Lemma decodable_ceq X Y : ceq X Y -> forall c g, decodable c g X <-> decodable c g Y.
Proof.
  induction 1; intros c g; simpl; try tauto.
  - symmetry; auto.
  - rewrite IHceq1; auto.
  - rewrite IHceq; tauto.
  - rewrite IHceq; tauto.
  - auto.
  - auto.
  - pose proof (fun f => ceq_ren P P' H f) as E.
    pose proof (fun f => ceq_ren P' P (ceq_sym _ _ H) f) as E'.
    destruct (patb_of c (pren g p)).
    + split; intro Z; (eapply ceq_trans; [|exact Z]); auto.
    + destruct (patt_of c (pren g p)); [|tauto].
      rewrite IHceq; split; intros [D Z]; split; auto.
      * eapply ceq_trans; [apply E' |]; eapply ceq_trans; [exact Z | apply E].
      * eapply ceq_trans; [apply E |]; eapply ceq_trans; [exact Z | apply E'].
  - rewrite decodable_ren.
    rewrite (decodable_ext P (S (S c)) (fun i => upn 1 (upn 1 g) (swap01 i))
                                       (fun i => swap01 (upn 1 (upn 1 g) i)))
      by (intro; symmetry; apply swap01_upn2).
    change (S (S c)) with (swap01 (S (S c))) at 2.
    rewrite (decodable_cancel P _ _ _ _ cancel_swap01); tauto.
  - rewrite decodable_ren.
    rewrite (decodable_ext P (S c) (fun i => upn 1 g (S i)) (fun i => S (g i)))
      by (intro; unfold upn; index_arith).
    rewrite (decodable_cancel P _ _ _ _ cancel_S); tauto.
Qed.

Lemma tr_decode X : forall c g, decodable c g X -> ceq (tr c (decode c g X)) (ren g X).
Proof.
  induction X as [| |X1 IHX1 X2 IHX2|X IHX|X IHX|p A IHA]; intros c g Hg; simpl in *.
  - apply ceq_refl.
  - apply ceq_refl.
  - destruct Hg; eapply ceq_trans; [apply ceq_par_l | apply ceq_par_r]; eauto.
  - apply ceq_rep; auto.
  - apply ceq_nu; auto.
  - destruct (patb_of c (pren g p)) as [bs|] eqn:Eb.
    + apply patb_of_sound in Eb; simpl; rewrite <- Eb; apply ceq_case, ceq_sym, Hg.
    + destruct (patt_of c (pren g p)) as [ts|] eqn:Et; [|contradiction].
      apply patt_of_sound in Et; destruct Hg as [D Z]; simpl; rewrite <- Et; apply ceq_case.
      eapply ceq_trans; [apply ceq_ren, IHA, D |].
      rewrite ren_comp; apply ceq_sym, Z.
Qed.

Lemma decodable_nus n : forall c X,
  decodable c (fun i => i) (nus n X) <-> decodable (n + c) (fun i => i) X.
Proof.
  induction n; intros c X; simpl; [tauto |].
  rewrite (decodable_ext _ _ _ (fun i => i)) by apply upn_id.
  rewrite IHn, Nat.add_succ_r; tauto.
Qed.

Lemma decode_nus n : forall c X,
  decode c (fun i => i) (nus n X) = lnus n (decode (n + c) (fun i => i) X).
Proof.
  induction n; intros c X; simpl; auto.
  rewrite (decode_ext _ _ _ (fun i => i)) by apply upn_id.
  rewrite IHn, Nat.add_succ_r; auto.
Qed.

(** * Completeness *)

Lemma ceq_subst_output d m A : ceq A Zero -> ceq (subst (inst (repeat (PVar d) m)) A) Zero.
Proof.
  intros H.
  rewrite (subst_ext _ _ (fun i => PVar (if i <? m then d else i - m)))
    by (intro; apply inst_output).
  rewrite subst_var; change Zero with (ren (fun i => if i <? m then d else i - m) Zero).
  apply ceq_ren, H.
Qed.

Lemma ceq_subst_input ts vs d B : length vs = nbindT ts ->
  decodable (nbindT ts + d) (body_ren (nbindT ts) d (S (nbindT ts)) (fun i => i)) B ->
  ceq (subst (inst (map PVar vs ++ [PVar d])) B)
      (tr d (lren (linst vs)
               (decode (nbindT ts + d) (body_ren (nbindT ts) d (S (nbindT ts)) (fun i => i)) B))).
Proof.
  intros Hk D; rewrite <- Hk in *.
  replace d with (linst vs (length vs + d)) at 2 by (unfold linst; index_arith).
  rewrite <- ren_tr.
  rewrite (subst_ext _ _
    (fun i => PVar (linst vs (body_ren (length vs) d (S (length vs)) (fun i => i) i)))).
  - rewrite subst_var, <- ren_comp; apply ceq_ren, ceq_sym, tr_decode, D.
  - intro i; rewrite inst_input; f_equal; unfold linst, body_ren, drop_fresh, upn; index_arith.
Qed.

Lemma ceq_comm_reduct d bs ts vs A B :
  lmatch ts bs = Some vs -> ceq A Zero ->
  decodable (nbindT ts + d) (body_ren (nbindT ts) d (S (nbindT ts)) (fun i => i)) B ->
  ceq (Par (subst (inst (repeat (PVar d) (S (length bs)))) A)
           (subst (inst (map PVar vs ++ [PVar d])) B))
      (tr d (lren (linst vs)
               (decode (nbindT ts + d) (body_ren (nbindT ts) d (S (nbindT ts)) (fun i => i)) B))).
Proof.
  intros Hm ZA DB.
  eapply ceq_trans; [apply ceq_par_l, ceq_subst_output, ZA |].
  eapply ceq_trans; [apply ceq_par_comm |]; eapply ceq_trans; [apply ceq_par_zero |].
  apply ceq_subst_input; [eapply lmatch_length; eauto | exact DB].
Qed.
(* Let $N\ge1$, $n=\sum_{\nu=1}^N n_\nu$, $m\ge1$. For $\nu=1,\dots,N$ let $Q_\nu\in\mathbb{R}^{n_\nu\times n_\nu}$ be symmetric positive definite, $c_\nu\in\mathbb{R}^{n_\nu}$, and $X_\nu\subseteq\mathbb{R}^{n_\nu}$ nonempty, convex and closed; let $X=X_1\times\dots\times X_N$. Let $a\in\mathbb{R}^m$, $a\ge0$, $Q_y\in\mathbb{R}^{m\times m}$ positive definite diagonal, and $b(x)=B^\top x$, $l(x)=L^\top x$ with $B,L\in\mathbb{R}^{n\times m}$. Let $\varphi(x)=\sum_{i=1}^m a_i\max\{(Q_y^{-1}b(x))_i,l_i(x)\}$ and assume there exist $\rho\ge0$, $\omega_1,\omega_2\in\mathbb{R}$ with $\min\{0,\varphi(x)\}\ge\omega_1\|x\|+\omega_2$ for all $x\in X$ with $\|x\|>\rho$. Then the multi-leader-follower game described in the context has a Nash equilibrium.
   Context: Notation: $x=(x_1,\dots,x_N)$, $x_\nu\in\mathbb{R}^{n_\nu}$, $x_{-\nu}$ = all components other than $x_\nu$. Multi-leader-follower game: given $x$, the follower solves $\min_{y\in\mathbb{R}^m}\tfrac12 y^\top Q_y y-b(x)^\top y$ s.t. $y\ge l(x)$, with unique solution $y(x)=\max\{Q_y^{-1}b(x),l(x)\}$ (componentwise); leader $\nu$ solves $\min_{x_\nu\in X_\nu}\theta_\nu(x_\nu,x_{-\nu})=\tfrac12 x_\nu^\top Q_\nu x_\nu+c_\nu^\top x_\nu+a^\top y(x)$. A Nash equilibrium is $x^*\in X$ with $\theta_\nu(x^*_\nu,x^*_{-\nu})\le\theta_\nu(x_\nu,x^*_{-\nu})$ for all $x_\nu\in X_\nu$ and all $\nu$. *)

From HB Require Import structures.
From mathcomp Require Import all_boot all_order all_algebra.
From mathcomp Require Import all_classical all_reals all_analysis.
Set Implicit Arguments. Unset Strict Implicit. Unset Printing Implicit Defensive.
Import Order.TTheory GRing.Theory Num.Theory.
Import numFieldTopology.Exports numFieldNormedType.Exports.
Local Open Scope ring_scope.
Local Open Scope classical_set_scope.

Section MLFG.
Variable R : realType.

Definition spd k (Q : 'M[R]_k) : Prop :=
  Q^T = Q /\ forall v : 'cV[R]_k, v != 0 -> 0 < (v^T *m Q *m v) 0 0.

Definition pos_diag k (Q : 'M[R]_k) : Prop :=
  is_diag_mx Q /\ forall i, 0 < Q i i.

Definition convex_set k (S : set 'cV[R]_k) : Prop :=
  forall u v, S u -> S v -> forall t : R, 0 <= t <= 1 ->
    S (t *: u + (1 - t) *: v).

Variables (N : nat) (nn : 'I_N -> nat) (m : nat).

Definition profile := forall nu : 'I_N, 'cV[R]_(nn nu).

Definition pnorm (x : profile) : R :=
  Num.sqrt (\sum_(nu < N) \sum_(i < nn nu) (x nu i 0) ^+ 2).

(* B^T x for B in R^{n x m} given by its row blocks B_nu in R^{n_nu x m} *)
Definition blockT (B : forall nu : 'I_N, 'M[R]_(nn nu, m)) (x : profile)
  : 'cV[R]_m := \sum_(nu < N) (B nu)^T *m x nu.

Definition follower (Qy : 'M[R]_m) (B L : forall nu : 'I_N, 'M[R]_(nn nu, m))
  (x : profile) : 'cV[R]_m :=
  \col_i Num.max ((invmx Qy *m blockT B x) i 0) (blockT L x i 0).

Definition theta (Q : forall nu : 'I_N, 'M[R]_(nn nu))
  (c : forall nu : 'I_N, 'cV[R]_(nn nu)) (a : 'cV[R]_m) (Qy : 'M[R]_m)
  (B L : forall nu : 'I_N, 'M[R]_(nn nu, m)) (nu : 'I_N) (x : profile) : R :=
  (2^-1 * ((x nu)^T *m Q nu *m x nu) 0 0 + ((c nu)^T *m x nu) 0 0
   + (a^T *m follower Qy B L x) 0 0).

Definition phi (a : 'cV[R]_m) (Qy : 'M[R]_m)
  (B L : forall nu : 'I_N, 'M[R]_(nn nu, m)) (x : profile) : R :=
  \sum_(i < m) a i 0 * Num.max ((invmx Qy *m blockT B x) i 0) (blockT L x i 0).

Definition inX (X : forall nu : 'I_N, set 'cV[R]_(nn nu)) (x : profile) : Prop :=
  forall nu, X nu (x nu).

Definition nash_equilibrium (X : forall nu : 'I_N, set 'cV[R]_(nn nu))
  (Q : forall nu : 'I_N, 'M[R]_(nn nu)) (c : forall nu : 'I_N, 'cV[R]_(nn nu))
  (a : 'cV[R]_m) (Qy : 'M[R]_m) (B L : forall nu : 'I_N, 'M[R]_(nn nu, m))
  (xs : profile) : Prop :=
  inX X xs /\
  forall nu (xnu : 'cV[R]_(nn nu)), X nu xnu ->
    theta Q c a Qy B L nu xs <= theta Q c a Qy B L nu (@dfwith _ (fun j => 'cV[R]_(nn j)) xs nu xnu).

End MLFG.

(** The game is an exact potential game: with
    [own_cost nu v = v^T Q_nu v / 2 + c_nu^T v], every objective splits as
    [theta_nu x = own_cost nu x_nu + phi x], so [theta_nu] and the potential
    [P x = \sum_nu own_cost nu x_nu + phi x] differ by a quantity that does not
    depend on [x_nu]; hence any minimiser of [P] over [X] is a Nash equilibrium.
    Positive definiteness bounds [\sum_nu own_cost nu x_nu] below by
    [lam |x|^2 - C], and the growth hypothesis bounds [phi x] below by
    [w1 |x| + w2] far out, so [P] is coercive on the closed set [X]; being
    continuous, it attains its minimum on the compact part of [X] where
    [|x|] is bounded. *)

From HB Require Import structures.
From mathcomp Require Import all_boot all_order all_algebra.
From mathcomp Require Import all_classical all_reals all_analysis.
From mathcomp Require Import ring lra.
Import Order.TTheory GRing.Theory Num.Theory.
Import numFieldTopology.Exports numFieldNormedType.Exports.
Set Implicit Arguments. Unset Strict Implicit.
Local Open Scope ring_scope.
Local Open Scope classical_set_scope.

Lemma ler_sum_term (R : numDomainType) (I : finType) (F : I -> R) (i : I) :
  (forall j, 0 <= F j) -> F i <= \sum_j F j.
Proof. by move=> F_ge0; rewrite (bigD1 i) //= lerDl sumr_ge0. Qed.

Lemma exists_pos_lower_bound (R : realFieldType) (I : finType) (l : I -> R) :
  (forall i, 0 < l i) -> exists2 e, 0 < e & forall i, e <= l i.
Proof.
move=> l_gt0; have linv_ge0 i : 0 <= (l i)^-1 by rewrite invr_ge0 ltW.
have s_gt0 : 0 < 1 + \sum_i (l i)^-1 by rewrite ltr_wpDr ?sumr_ge0.
exists (1 + \sum_i (l i)^-1)^-1 => [|i]; first by rewrite invr_gt0.
rewrite -[l i]invrK lef_pV2 ?posrE ?invr_gt0 //.
by rewrite (le_trans (ler_sum_term _ linv_ge0)) // lerDr.
Qed.

Lemma ler_norm_sqrt (R : rcfType) (a b : R) : a ^+ 2 <= b -> `|a| <= Num.sqrt b.
Proof.
move=> ab; rewrite -sqrtr_sqr ler_sqrt //.
exact: le_trans (sqr_ge0 a) ab.
Qed.
Lemma sum_offdiag_pairs (T : finType) (S : {set T}) :
  \sum_(i : T) \sum_(j : T) ((i != j) && (i \in S) && (j \in S)) = #|S| * (#|S| - 1).
Proof.
rewrite -sum_nat_const [RHS]big_mkcond /=; apply: eq_bigr => i _.
case: (boolP (i \in S)) => iS; last by apply: big1 => j _; rewrite andbF.
rewrite (cardsD1 i S) iS add1n subn1 /= -sum1_card [RHS]big_mkcond /=.
by apply: eq_bigr => j _; rewrite !inE andbT [j == i]eq_sym; case: (i != j); case: (j \in S).
Qed.

(** * The conflict graph *)

Section ConflictGraph.
Variable m : nat.

(* The literal [((i, j), u, v)] stands for the partial assignment
   [i |-> u, j |-> v] of truth values to the variables ['I_m]. *)
Definition literal := ((('I_m * 'I_m) * bool) * bool)%type.
Definition var1 (x : literal) := x.1.1.1.
Definition var2 (x : literal) := x.1.1.2.
Definition bit1 (x : literal) := x.1.2.
Definition bit2 (x : literal) := x.2.

Definition compatible (x y : literal) : bool :=
  [&& (var1 x == var1 y) ==> (bit1 x == bit1 y),
      (var1 x == var2 y) ==> (bit1 x == bit2 y),
      (var2 x == var1 y) ==> (bit2 x == bit1 y)
    & (var2 x == var2 y) ==> (bit2 x == bit2 y)].

Definition conflict x y := (x != y) && ~~ compatible x y.

Definition conflict_adj (u v : literal * bool) :=
  (u.2 != v.2) && ((u.1 == v.1) || conflict u.1 v.1).

Definition nverts := #|{: literal * bool}|.
Definition cgraph : rel 'I_nverts :=
  fun i j => conflict_adj (enum_val i) (enum_val j).

Lemma compatible_sym : symmetric compatible.
Proof.
move=> x y; rewrite /compatible ![var1 y == _]eq_sym ![var2 y == _]eq_sym.
rewrite ![bit1 y == _]eq_sym ![bit2 y == _]eq_sym.
by congr (_ && _); rewrite andbCA.
Qed.

Lemma cgraph_sym : symmetric cgraph.
Proof.
move=> i j; rewrite /cgraph /conflict_adj /conflict eq_sym [_.1 == _]eq_sym.
by rewrite compatible_sym.
Qed.

Lemma cgraph_irr : irreflexive cgraph.
Proof. by move=> i; rewrite /cgraph /conflict_adj eqxx. Qed.

Lemma cgraph_bipartite : bipartite cgraph.
Proof. by exists (fun i => (enum_val i).2) => i j /andP[]. Qed.

Lemma card_cgraph : nverts = 8 * (m * m).
Proof. by rewrite /nverts !card_prod card_ord card_bool; lia. Qed.

Lemma card_edges_cgraph : #|{: edge_t cgraph}| <= nverts * nverts.
Proof.
rewrite card_sig; apply: (@leq_trans #|[set A : {set 'I_nverts} | #|A| == 2]|).
  apply: subset_leq_card; apply/subsetP => A; rewrite !inE.
  case/existsP=> u /existsP[v /andP[uv /eqP ->]].
  by rewrite cards2; case: (eqVneq u v) uv => [->|]; rewrite ?cgraph_irr.
rewrite card_draws card_ord bin2 leq_half_double.
by move: nverts => n; nia.
Qed.

Definition lit_edge_set (x : literal) : {set 'I_nverts} :=
  [set enum_rank (x, false); enum_rank (x, true)].

Lemma mem_lit_edge_set u x : (u \in lit_edge_set x) = ((enum_val u).1 == x).
Proof.
rewrite !inE -!(inj_eq enum_val_inj) !enum_rankK.
by case: (enum_val u) => y [] /=; rewrite !xpair_eqE ?andbT ?andbF ?orbF.
Qed.

Lemma rank_in_lit_edge_set x s : enum_rank (x, s) \in lit_edge_set x.
Proof. by rewrite mem_lit_edge_set enum_rankK. Qed.

Lemma lit_edge_set_inj : injective lit_edge_set.
Proof.
move=> x y exy; have := rank_in_lit_edge_set x false.
by rewrite exy mem_lit_edge_set enum_rankK => /eqP.
Qed.

Lemma lit_edge_proof x : edge_of cgraph (lit_edge_set x).
Proof.
apply/existsP; exists (enum_rank (x, false)); apply/existsP; exists (enum_rank (x, true)).
by rewrite /cgraph !enum_rankK /conflict_adj /= !eqxx.
Qed.

Definition lit_edge x : edge_t cgraph := exist _ (lit_edge_set x) (lit_edge_proof x).

Lemma lit_edge_inj : injective lit_edge.
Proof. by move=> x y /(congr1 val) /lit_edge_set_inj. Qed.

Lemma induced_matching_noedge (M : {set edge_t cgraph}) A B u v :
  induced_matching M -> A \in M -> B \in M -> A != B ->
  u \in val A -> v \in val B -> ~~ cgraph u v.
Proof.
move=> /forallP/(_ A)/implyP iM AM BM AB uA vB.
have /forallP/(_ B)/implyP/(_ BM)/implyP/(_ AB)/andP[_] := iM AM.
by move=> /forallP/(_ u)/implyP/(_ uA)/forallP/(_ v)/implyP/(_ vB).
Qed.

(* [a] is the set of variables set to true. *)
Definition lit_of (a : {set 'I_m}) (ij : 'I_m * 'I_m) : literal :=
  ((ij, ij.1 \in a), ij.2 \in a).

Definition matching_of (a : {set 'I_m}) : {set edge_t cgraph} :=
  [set lit_edge (lit_of a ij) | ij : 'I_m * 'I_m].

Definition agrees (a : {set 'I_m}) x :=
  (bit1 x == (var1 x \in a)) && (bit2 x == (var2 x \in a)).

Lemma agrees_lit_of a ij : agrees a (lit_of a ij).
Proof. by rewrite /agrees /= !eqxx. Qed.

Lemma agrees_compatible a x y : agrees a x -> agrees a y -> compatible x y.
Proof.
move=> /andP[/eqP ax /eqP bx] /andP[/eqP ay /eqP b_y].
by rewrite /compatible ax bx ay b_y; apply/and4P; split; apply/implyP => /eqP ->.
Qed.

Lemma agrees_lit_ofE a x : agrees a x -> x = lit_of a (var1 x, var2 x).
Proof.
by case: x => [[[i j] u] v]; rewrite /agrees /bit1 /bit2 /var1 /var2 /= => /andP[/eqP -> /eqP ->].
Qed.

Lemma induced_matching_of a : induced_matching (matching_of a).
Proof.
apply/forallP => A; apply/implyP => /imsetP[ij _ ->].
apply/forallP => B; apply/implyP => /imsetP[ij' _ ->].
apply/implyP => neq.
have nxy : lit_of a ij != lit_of a ij' by apply: contra neq => /eqP ->.
apply/andP; split.
  rewrite -setI_eq0; apply/eqP/setP => u; rewrite in_setI in_set0 /= !mem_lit_edge_set.
  by apply/negbTE/negP => /andP[/eqP -> /eqP E]; move/eqP: nxy.
apply/forallP => u; apply/implyP; rewrite /= mem_lit_edge_set => /eqP ux.
apply/forallP => v; apply/implyP; rewrite /= mem_lit_edge_set => /eqP vy.
rewrite /cgraph /conflict_adj ux vy negb_and negb_or (negPf nxy) /conflict nxy negbK.
by rewrite (agrees_compatible (agrees_lit_of a ij) (agrees_lit_of a ij')) orbT.
Qed.

Definition assigns x i v :=
  ((var1 x == i) && (bit1 x == v)) || ((var2 x == i) && (bit2 x == v)).

Lemma assigns_compatible x y i v w :
  assigns x i v -> assigns y i w -> compatible x y -> v = w.
Proof.
case/orP=> /andP[/eqP xi /eqP xv]; case/orP=> /andP[/eqP yi /eqP yw];
  case/and4P=> c1 c2 c3 c4;
  [move: c1|move: c2|move: c3|move: c4]; by rewrite xi yi eqxx xv yw => /eqP.
Qed.

Definition true_vars (M : {set edge_t cgraph}) : {set 'I_m} :=
  [set i | [exists A in M, exists x,
     (val A == lit_edge_set x) && compatible x x && assigns x i true]].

◇ ◇ ◇ ◇

• What to do: Look above for the line with "[own_cost nu v" and the line with "[lam |x|^2 - C], and", and reproduce exactly those two lines plus every line between, nothing more.

• Output:
    [own_cost nu v = v^T Q_nu v / 2 + c_nu^T v], every objective splits as
    [theta_nu x = own_cost nu x_nu + phi x], so [theta_nu] and the potential
    [P x = \sum_nu own_cost nu x_nu + phi x] differ by a quantity that does not
    depend on [x_nu]; hence any minimiser of [P] over [X] is a Nash equilibrium.
    Positive definiteness bounds [\sum_nu own_cost nu x_nu] below by
    [lam |x|^2 - C], and the growth hypothesis bounds [phi x] below by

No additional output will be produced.